* **Work task**
Lines outside the range are not wanted. Give again exactly the lines between the line holding "intros h g;" and the line holding "glabel M ?k' ?i' ?j' |- _ =>", inclusive, from the listing below.

* **Working data**
(* Modularity keeps the gadget atoms, which occur in the star theory but not
   in [D], out of [A]. *)
Lemma SigmaA_nongadget a : In a (Sigma A) -> nongadget a.
Proof.
  intros h [x [hx e]].
  assert (hS : In a (Sigma (star_theory D))).
  { destruct a as [p|p]; simpl in e; destruct e as [e|e]; subst p;
      [ apply (head_in_Sigma _ (counter_default x))
      | apply (head_in_Sigma _ (unbeaten_default x))
      | apply (head_in_Sigma _ (counter_refute x))
      | apply (head_in_Sigma _ (unbeaten_refute x)) ];
      apply gadgets_in_star, gadget_rule_in_gadgets; auto. }
  apply (Sigma_nongadget a (proj1 modA a h hS)); exists x; auto.
Qed.

Lemma in_rules_DA R : In R (rules DA) <-> In R (rules D) \/ In R RA.
Proof. simpl; rewrite in_app_iff; tauto. Qed.
Lemma in_rules_SA R : In R (rules SA) <-> In R (rules D) \/ In R (gadgets D) \/ In R RA.
Proof. simpl; rewrite !in_app_iff, nodup_In; tauto. Qed.
Lemma rules_D_DA R : In R (rules D) -> In R (rules DA).
Proof. intros; apply in_rules_DA; auto. Qed.

Lemma rule_head_nongadget R : In R (rules D) \/ In R RA -> nongadget (rhead R).
Proof.
  intros [h|h]; [apply Sigma_nongadget, head_in_Sigma|apply SigmaA_nongadget, (head_in_Sigma A)];
    auto.
Qed.

Lemma DA_body_nongadget R a : In R (rules DA) -> In a (rbody R) -> nongadget a.
Proof.
  rewrite in_rules_DA; intros [h|h] ha;
    [apply Sigma_nongadget, (body_in_Sigma D R)|apply SigmaA_nongadget, (body_in_Sigma A R)];
    auto.
Qed.

Lemma labelA_notin_D R : In R RA -> ~ In (rlabel R) (Lambda D).
Proof.
  intros h h'; apply (proj1 (proj2 modA) _ h'); simpl.
  unfold Lambda; simpl; rewrite app_nil_r; apply in_map; auto.
Qed.
Lemma labelA_notin_star R : In R RA -> ~ In (rlabel R) (Lambda (star_theory D)).
Proof.
  intros h h'; apply (proj2 (proj2 modA) _ h'); simpl.
  unfold Lambda; simpl; rewrite app_nil_r; apply in_map; auto.
Qed.

Lemma in_gadget_sup a b : In (a, b) (gadget_sup D) ->
  let g k i j := glabel M (kind_code k) i j in
  exists x, In x (rules D) /\
  ((a = g UnbeatenDefault (rlabel x) 0 /\ b = g UnbeatenRefute (rlabel x) 0) \/
   (exists s, In s (rules D) /\ a = g Team (rlabel x) 0 /\ b = rlabel s) \/
   (exists y, In y (rules D) /\ a = g CounterBy (rlabel y) (rlabel x) /\
      b = g CounterRefute (rlabel x) 0) \/
   (exists y, In y (rules D) /\ a = g BeatenBy (rlabel y) (rlabel x) /\
      b = g UnbeatenDefault (rlabel x) 0)).
Proof.
  intros h g; apply in_flat_map in h as [x [hx h]]; exists x; split; auto.
  simpl in h; destruct h as [e|h]; [inversion e; subst; left; auto|right].
  apply in_app_or in h as [h|h]; [|apply in_app_or in h as [h|h]];
  apply in_map_iff in h as [s [e hs]]; inversion e; subst; eauto 10.
Qed.

Lemma sup_SA_in_Lambda a b : In (a, b) (sup SA) ->
  In a (Lambda (star_theory D)) /\ In b (Lambda (star_theory D)).
Proof.
  intros h; simpl in h; rewrite app_nil_r in h.
  split; apply in_or_app; right; apply in_flat_map; exists (a, b); split; simpl; auto.
Qed.

Lemma glabel_neq k i j k' i' j' : k <> k' -> i < M -> j < M -> i' < M -> j' < M ->
  glabel M k i j <> glabel M k' i' j'.
Proof. intros hk h1 h2 h3 h4 e; apply glabel_inj in e; auto; lia. Qed.

Lemma glabel_neq_small k i j l : 1 <= k -> l < M -> glabel M k i j <> l.
Proof. intros hk hl e; pose proof (glabel_ge M k i j hk (label_bound_pos D)); lia. Qed.

Ltac label_bound_tac :=
  first [ assumption | apply rule_label_lt; assumption | pose proof (label_bound_pos D); lia ].

Ltac glabel_contra :=
  match goal with
  | e : glabel M ?k ?i ?j = glabel M ?k' ?i' ?j' |- _ =>
      exfalso; apply (glabel_neq k i j k' i' j'); [lia|label_bound_tac..|exact e]
  | e : glabel M ?k ?i ?j = ?l |- _ =>
      exfalso; apply (glabel_neq_small k i j l); [lia|label_bound_tac|exact e]
  | e : ?l = glabel M ?k ?i ?j |- _ =>
      exfalso; apply (glabel_neq_small k i j l); [lia|label_bound_tac|symmetry; exact e]
  | e : glabel M ?k ?i ?j < M |- _ =>
      exfalso; pose proof (glabel_ge M k i j ltac:(lia) (label_bound_pos D)); lia
  end.

Ltac not_sgt_SA :=
  unfold sgt; simpl; rewrite ?app_nil_r;
  let h := fresh in intro h; apply in_app_or in h as [h|h];
  [ apply sup_label_lt in h as [? ?]; glabel_contra
  | apply in_gadget_sup in h as [? [? h]]; cbn [kind_code] in h;
    destruct h as [[? ?]|[[? [? [? ?]]]|[[? [? [? ?]]]|[? [? [? ?]]]]]]; try glabel_contra ].

Lemma sgt_SA_DA R S : In R (rules DA) -> In S (rules DA) -> sgt SA R S -> sgt DA R S.
Proof.
  unfold sgt; simpl; rewrite !app_nil_r; intros hR hS h.
  apply in_app_or in h as [h|h]; auto. exfalso.
  apply in_rules_DA in hR as [hR|hR].
  - pose proof (rule_label_lt D R hR).
    apply in_gadget_sup in h as [x [hx h]]; cbn [kind_code] in h.
    destruct h as [[e1 e2]|[[s [hs [e1 e2]]]|[[t [ht [e1 e2]]]|[s [hs [e1 e2]]]]]];
      glabel_contra.
  - apply (labelA_notin_star R hR), (sup_SA_in_Lambda _ (rlabel S)).
    simpl; rewrite app_nil_r; apply in_or_app; auto.
Qed.

Lemma sgt_DA_SA R S : sgt DA R S -> sgt SA R S.
Proof. unfold sgt; simpl; rewrite !app_nil_r; intros; apply in_or_app; auto. Qed.

Lemma sgt_DA_inv R S : In R (rules DA) -> In S (rules DA) -> sgt DA R S ->
  In R (rules D) /\ In S (rules D) /\ In (rlabel R, rlabel S) (sup D).
Proof.
  unfold sgt; simpl; rewrite !app_nil_r; intros hR hS h.
  assert (hl : In (rlabel R) (Lambda D) /\ In (rlabel S) (Lambda D)).
  { split; apply in_or_app; right; apply in_flat_map; exists (rlabel R, rlabel S); simpl; auto. }
  apply in_rules_DA in hR as [hR|hR]; [|exfalso; apply (labelA_notin_D R hR); tauto].
  apply in_rules_DA in hS as [hS|hS]; [|exfalso; apply (labelA_notin_D S hS); tauto].
  auto.
Qed.

Lemma sgt_of_sup R S : In (rlabel R, rlabel S) (sup D) -> sgt DA R S.
Proof. unfold sgt; simpl; rewrite app_nil_r; auto. Qed.

Lemma not_sgt_SA_A R S : In S RA -> ~ sgt SA R S.
Proof. intros h h'; apply (labelA_notin_star S h), (sup_SA_in_Lambda (rlabel R)); auto. Qed.
Lemma not_sgt_DA_A R S : In S RA -> ~ sgt DA R S.
Proof. intros h h'; apply (not_sgt_SA_A R S h), sgt_DA_SA; auto. Qed.

Lemma gadget_sup_sgt a b : In (a, b) (gadget_sup D) ->
  forall R S, rlabel R = a -> rlabel S = b -> sgt SA R S.
Proof. intros h R S <- <-; unfold sgt; simpl; rewrite app_nil_r; apply in_or_app; auto. Qed.

Lemma team_rule_sgt x S : In x (rules D) -> In S (rules D) -> sgt SA (team_rule x) S.
Proof.
  intros hx hS; apply (gadget_sup_sgt (rlabel (team_rule x)) (rlabel S)); auto.
  apply in_flat_map; exists x; split; auto.
  right; apply in_or_app; left; apply in_map_iff; exists S; auto.
Qed.
Lemma unbeaten_default_sgt x : In x (rules D) -> sgt SA (unbeaten_default x) (unbeaten_refute x).
Proof.
  intros hx; apply (gadget_sup_sgt (rlabel (unbeaten_default x)) (rlabel (unbeaten_refute x)));
    auto.
  apply in_flat_map; exists x; simpl; auto.
Qed.
Lemma beaten_by_sgt y x : In x (rules D) -> In y (rules D) ->
  sgt SA (beaten_by y x) (unbeaten_default x).
Proof.
  intros hx hy; apply (gadget_sup_sgt (rlabel (beaten_by y x)) (rlabel (unbeaten_default x)));
    auto.
  apply in_flat_map; exists x; split; auto. right.
  apply in_or_app; right; apply in_or_app; right; apply in_map_iff; exists y; auto.
Qed.
Lemma counter_by_sgt y x : In x (rules D) -> In y (rules D) ->
  sgt SA (counter_by y x) (counter_refute x).
Proof.
  intros hx hy; apply (gadget_sup_sgt (rlabel (counter_by y x)) (rlabel (counter_refute x)));
    auto.
  apply in_flat_map; exists x; split; auto. right.
  apply in_or_app; right; apply in_or_app; left; apply in_map_iff; exists y; auto.
Qed.

Lemma not_sgt_team_rule R x : In x (rules D) -> ~ sgt SA R (team_rule x).
Proof. intros hx; not_sgt_SA. Qed.
Lemma not_sgt_unbeaten_refute x : In x (rules D) ->
  ~ sgt SA (unbeaten_refute x) (unbeaten_default x).
Proof. intros hx; not_sgt_SA. Qed.
Lemma not_sgt_unbeaten_default y x : In x (rules D) -> In y (rules D) ->
  ~ sgt SA (unbeaten_default x) (beaten_by y x).
Proof. intros hx hy; not_sgt_SA. Qed.
Lemma not_sgt_counter_default x : In x (rules D) ->
  ~ sgt SA (counter_default x) (counter_refute x).
Proof. intros hx; not_sgt_SA. Qed.
Lemma not_sgt_counter_refute x : In x (rules D) ->
  ~ sgt SA (counter_refute x) (counter_default x).
Proof. intros hx; not_sgt_SA. Qed.

Lemma inR_SA_of_DA q R : inR DA q R -> inR SA q R.
Proof.
  intros [h e]; split; auto. apply in_rules_SA. apply in_rules_DA in h; tauto.
Qed.

Lemma inR_DA_of_D q R : In R (rules D) -> rhead R = q -> inR DA q R.
Proof. intros; split; auto; apply rules_D_DA; auto. Qed.

Lemma inR_SA_gadget R : In R (gadgets D) -> inR SA (rhead R) R.
Proof. intros h; split; auto; apply in_rules_SA; auto. Qed.

Lemma gadget_sd R : In R (gadgets D) -> is_sd R.
Proof. intros h; apply in_gadgets in h as [x [y [k [_ [_ [_ ->]]]]]]; destruct k; right; auto. Qed.

Lemma inRsd_SA_gadget R : In R (gadgets D) -> inRsd SA (rhead R) R.
Proof. intros h; split; [apply inR_SA_gadget|apply gadget_sd]; auto. Qed.

Ltac gadget_inRsd :=
  match goal with |- inRsd SA _ ?R =>
    apply (inRsd_SA_gadget R), gadget_rule_in_gadgets; auto; simpl;
    rewrite ?andb_true_iff, ?lit_eqb_true, ?supb_true, ?is_sdb_true; auto
  end.

Lemma inRsd_team_rule x : In x (rules D) -> is_sd x -> inRsd SA (rhead x) (team_rule x).
Proof. intros; gadget_inRsd. Qed.
Lemma inRsd_counter_default x : In x (rules D) ->
  inRsd SA (Pos (counter_atom D x)) (counter_default x).
Proof. intros; gadget_inRsd. Qed.
Lemma inRsd_counter_refute x : In x (rules D) ->
  inRsd SA (Neg (counter_atom D x)) (counter_refute x).
Proof. intros; gadget_inRsd. Qed.
Lemma inRsd_counter_by y x : In x (rules D) -> superior_attacker y x -> is_sd y ->
  inRsd SA (Pos (counter_atom D x)) (counter_by y x).
Proof. intros hx [hy [h1 h2]] hsd; gadget_inRsd. Qed.
Lemma inRsd_unbeaten_default x : In x (rules D) ->
  inRsd SA (Pos (unbeaten_atom D x)) (unbeaten_default x).
Proof. intros; gadget_inRsd. Qed.
Lemma inRsd_beaten_by y x : In x (rules D) -> superior_attacker y x ->
  inRsd SA (Neg (unbeaten_atom D x)) (beaten_by y x).
Proof. intros hx [hy [h1 h2]]; gadget_inRsd. Qed.

Lemma inR_SA_nongadget q R : nongadget q -> inR SA q R ->
  inR DA q R \/ exists x, In x (rules D) /\ is_sd x /\ rhead x = q /\ R = team_rule x.
Proof.
  intros hb [h e]. apply in_rules_SA in h as [h|[h|h]].
  - left; split; auto; apply in_rules_DA; auto.
  - apply in_gadgets in h as [x [y [k [hx [hy [hc ->]]]]]].
    destruct k; simpl in e; subst q; try (exfalso; apply hb; exists x; auto; fail).
    right; exists x; repeat split; auto; apply is_sdb_true; exact hc.
  - left; split; auto; apply in_rules_DA; auto.
Qed.

Lemma inR_SA_gadget_lit q R : ~ nongadget q -> inR SA q R -> In R (gadgets D).
Proof.
  intros hb [h e]. apply in_rules_SA in h as [h|[h|h]]; auto;
    exfalso; apply hb; subst q; apply rule_head_nongadget; auto.
Qed.

Ltac gadget_head_inv hx0 h :=
  let x := fresh "x" in let y := fresh "y" in let k := fresh "k" in
  let hx := fresh "hx" in let hy := fresh "hy" in let hc := fresh "hc" in
  apply in_gadgets in h as [x [y [k [hx [hy [hc ->]]]]]];
  destruct k; simpl in *;
  match goal with
  | e : rhead x = _ |- _ =>
      exfalso; apply (rule_head_nongadget x (or_introl hx)); rewrite e;
      eexists; split; [exact hx0|simpl; auto]
  | e : Pos _ = Neg _ |- _ => discriminate e
  | e : Neg _ = Pos _ |- _ => discriminate e
  | e : Pos (counter_atom D _) = Pos (unbeaten_atom D _) |- _ =>
      apply Pos_inj in e; exfalso; exact (counter_neq_unbeaten _ _ e)
  | e : Pos (unbeaten_atom D _) = Pos (counter_atom D _) |- _ =>
      apply Pos_inj in e; exfalso; exact (counter_neq_unbeaten _ _ (eq_sym e))
  | e : Neg (counter_atom D _) = Neg (unbeaten_atom D _) |- _ =>
      apply Neg_inj in e; exfalso; exact (counter_neq_unbeaten _ _ e)
  | e : Neg (unbeaten_atom D _) = Neg (counter_atom D _) |- _ =>
      apply Neg_inj in e; exfalso; exact (counter_neq_unbeaten _ _ (eq_sym e))
  | e : Pos (counter_atom D _) = Pos (counter_atom D _) |- _ =>
      apply Pos_inj, counter_atom_inj in e; auto; subst
  | e : Neg (counter_atom D _) = Neg (counter_atom D _) |- _ =>
      apply Neg_inj, counter_atom_inj in e; auto; subst
  | e : Pos (unbeaten_atom D _) = Pos (unbeaten_atom D _) |- _ =>
      apply Pos_inj, unbeaten_atom_inj in e; auto; subst
  | e : Neg (unbeaten_atom D _) = Neg (unbeaten_atom D _) |- _ =>
      apply Neg_inj, unbeaten_atom_inj in e; auto; subst
  end.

* **Problem solution**
  intros h g; apply in_flat_map in h as [x [hx h]]; exists x; split; auto.
  simpl in h; destruct h as [e|h]; [inversion e; subst; left; auto|right].
  apply in_app_or in h as [h|h]; [|apply in_app_or in h as [h|h]];
  apply in_map_iff in h as [s [e hs]]; inversion e; subst; eauto 10.
Qed.

Lemma sup_SA_in_Lambda a b : In (a, b) (sup SA) ->
  In a (Lambda (star_theory D)) /\ In b (Lambda (star_theory D)).
Proof.
  intros h; simpl in h; rewrite app_nil_r in h.
  split; apply in_or_app; right; apply in_flat_map; exists (a, b); split; simpl; auto.
Qed.

Lemma glabel_neq k i j k' i' j' : k <> k' -> i < M -> j < M -> i' < M -> j' < M ->
  glabel M k i j <> glabel M k' i' j'.
Proof. intros hk h1 h2 h3 h4 e; apply glabel_inj in e; auto; lia. Qed.

Lemma glabel_neq_small k i j l : 1 <= k -> l < M -> glabel M k i j <> l.
Proof. intros hk hl e; pose proof (glabel_ge M k i j hk (label_bound_pos D)); lia. Qed.

Ltac label_bound_tac :=
  first [ assumption | apply rule_label_lt; assumption | pose proof (label_bound_pos D); lia ].

Ltac glabel_contra :=
  match goal with
  | e : glabel M ?k ?i ?j = glabel M ?k' ?i' ?j' |- _ =>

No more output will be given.